> EXERCISE REQUIREMENTS: Reproduce the entries so that every line matches the original exactly.

> EXERCISE INPUT:
(* Part (ii) for D and A: if |A| < |D|, then A is lighter than D (shrink D
   to the order of A); exchanging the inner pairs forces w[D,E] <= w[A,B],
   and exchanging A and D forces w(B) < w(E), which is incompatible. *)
Lemma cousin_le A B C D E :
  minimal (Node [:: Node [:: A; B]; Node [:: Node [:: D; E]; C]]) ->
  tree_order D <= tree_order A.
Proof.
move=> min_T; rewrite leqNgt; apply/negP => lt_AD.
have /shrink [D' oD' iD'] : 0 < tree_order A < tree_order D by rewrite order_gt0.
have lt_wAD : weight A < weight D.
  have := minimal_weight (t' := Node [:: Node [:: D'; B]; Node [:: Node [:: D; E]; C]]) min_T.
  rewrite !order_pair oD' => /(_ erefl) /weight_pair_monol /weight_pair_monol le_AD'.
  exact: leq_ltn_trans le_AD' iD'.
have le_DE_AB : weight (Node [:: D; E]) <= weight (Node [:: A; B]).
  rewrite leqNgt; apply/negP => /(weight_swap C).
  rewrite weight_pairC (weight_pairC (Node [:: Node [:: D; E]; C])) ltnNge.
  by rewrite minimal_weight // !order_pair; lia.
have lt_BE : weight B < weight E.
  rewrite ltnNge; apply/negP => /(weight_swap_cousins C lt_wAD).
  by rewrite ltnNge minimal_weight // !order_pair; lia.
move: le_DE_AB; rewrite -ltnS !weight_pair leqNgt ltn_mul ?lt_wAD //.
Qed.

(* Part (ii); the other three cases follow by symmetry of the inner nodes. *)
Lemma cousins_le A B C D E :
  minimal (Node [:: Node [:: A; B]; Node [:: Node [:: D; E]; C]]) ->
  maxn (tree_order D) (tree_order E) <= minn (tree_order A) (tree_order B).
Proof.
move=> min_T.
have swapped A' B' D' E' : tree_order A' + tree_order B' = tree_order A + tree_order B ->
    weight (Node [:: A'; B']) = weight (Node [:: A; B]) ->
    tree_order D' + tree_order E' = tree_order D + tree_order E ->
    weight (Node [:: D'; E']) = weight (Node [:: D; E]) ->
    minimal (Node [:: Node [:: A'; B']; Node [:: Node [:: D'; E']; C]]).
  move=> oAB wAB oDE wDE; apply: (minimal_eq_weight min_T).
    by rewrite !order_pair oAB oDE.
  exact: weight_pair_congr wAB (weight_pair_congr wDE erefl).
have oC x y : tree_order x + tree_order y = tree_order y + tree_order x := addnC _ _.
rewrite geq_max !leq_min (cousin_le min_T).
rewrite (cousin_le (swapped B A D E (oC _ _) (weight_pairC _ _) erefl erefl)).
rewrite (cousin_le (swapped A B E D erefl erefl (oC _ _) (weight_pairC _ _))).
by rewrite (cousin_le (swapped B A E D (oC _ _) (weight_pairC _ _) (oC _ _) (weight_pairC _ _))).
Qed.

Theorem lemma3p2 (T : tree) (HT : minimal T) :
  (forall A B C : tree,
      T = Node [:: Node [:: A; B]; C] ->
      maxn (tree_order A) (tree_order B) <= tree_order C) /\
  (forall A B C D E : tree,
      T = Node [:: Node [:: A; B]; Node [:: Node [:: D; E]; C]] ->
      maxn (tree_order D) (tree_order E) <= minn (tree_order A) (tree_order B)).
Proof.
split.
  by move=> A B C eT; rewrite eT in HT; exact: grandchildren_le_uncle HT.
by move=> A B C D E eT; rewrite eT in HT; exact: cousins_le HT.
Qed.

> FINISHED EXERCISE:
(* Part (ii) for D and A: if |A| < |D|, then A is lighter than D (shrink D
   to the order of A); exchanging the inner pairs forces w[D,E] <= w[A,B],
   and exchanging A and D forces w(B) < w(E), which is incompatible. *)
Lemma cousin_le A B C D E :
  minimal (Node [:: Node [:: A; B]; Node [:: Node [:: D; E]; C]]) ->
  tree_order D <= tree_order A.
Proof.
move=> min_T; rewrite leqNgt; apply/negP => lt_AD.
have /shrink [D' oD' iD'] : 0 < tree_order A < tree_order D by rewrite order_gt0.
have lt_wAD : weight A < weight D.
  have := minimal_weight (t' := Node [:: Node [:: D'; B]; Node [:: Node [:: D; E]; C]]) min_T.
  rewrite !order_pair oD' => /(_ erefl) /weight_pair_monol /weight_pair_monol le_AD'.
  exact: leq_ltn_trans le_AD' iD'.
have le_DE_AB : weight (Node [:: D; E]) <= weight (Node [:: A; B]).
  rewrite leqNgt; apply/negP => /(weight_swap C).
  rewrite weight_pairC (weight_pairC (Node [:: Node [:: D; E]; C])) ltnNge.
  by rewrite minimal_weight // !order_pair; lia.
have lt_BE : weight B < weight E.
  rewrite ltnNge; apply/negP => /(weight_swap_cousins C lt_wAD).
  by rewrite ltnNge minimal_weight // !order_pair; lia.
move: le_DE_AB; rewrite -ltnS !weight_pair leqNgt ltn_mul ?lt_wAD //.
Qed.

(* Part (ii); the other three cases follow by symmetry of the inner nodes. *)
Lemma cousins_le A B C D E :
  minimal (Node [:: Node [:: A; B]; Node [:: Node [:: D; E]; C]]) ->
  maxn (tree_order D) (tree_order E) <= minn (tree_order A) (tree_order B).
Proof.
move=> min_T.
have swapped A' B' D' E' : tree_order A' + tree_order B' = tree_order A + tree_order B ->
    weight (Node [:: A'; B']) = weight (Node [:: A; B]) ->
    tree_order D' + tree_order E' = tree_order D + tree_order E ->
    weight (Node [:: D'; E']) = weight (Node [:: D; E]) ->
    minimal (Node [:: Node [:: A'; B']; Node [:: Node [:: D'; E']; C]]).
  move=> oAB wAB oDE wDE; apply: (minimal_eq_weight min_T).
    by rewrite !order_pair oAB oDE.
  exact: weight_pair_congr wAB (weight_pair_congr wDE erefl).
have oC x y : tree_order x + tree_order y = tree_order y + tree_order x := addnC _ _.
rewrite geq_max !leq_min (cousin_le min_T).
rewrite (cousin_le (swapped B A D E (oC _ _) (weight_pairC _ _) erefl erefl)).
rewrite (cousin_le (swapped A B E D erefl erefl (oC _ _) (weight_pairC _ _))).
by rewrite (cousin_le (swapped B A E D (oC _ _) (weight_pairC _ _) (oC _ _) (weight_pairC _ _))).
Qed.

Theorem lemma3p2 (T : tree) (HT : minimal T) :
  (forall A B C : tree,
      T = Node [:: Node [:: A; B]; C] ->
      maxn (tree_order A) (tree_order B) <= tree_order C) /\
  (forall A B C D E : tree,
      T = Node [:: Node [:: A; B]; Node [:: Node [:: D; E]; C]] ->
      maxn (tree_order D) (tree_order E) <= minn (tree_order A) (tree_order B)).
Proof.
split.
  by move=> A B C eT; rewrite eT in HT; exact: grandchildren_le_uncle HT.
by move=> A B C D E eT; rewrite eT in HT; exact: cousins_le HT.
Qed.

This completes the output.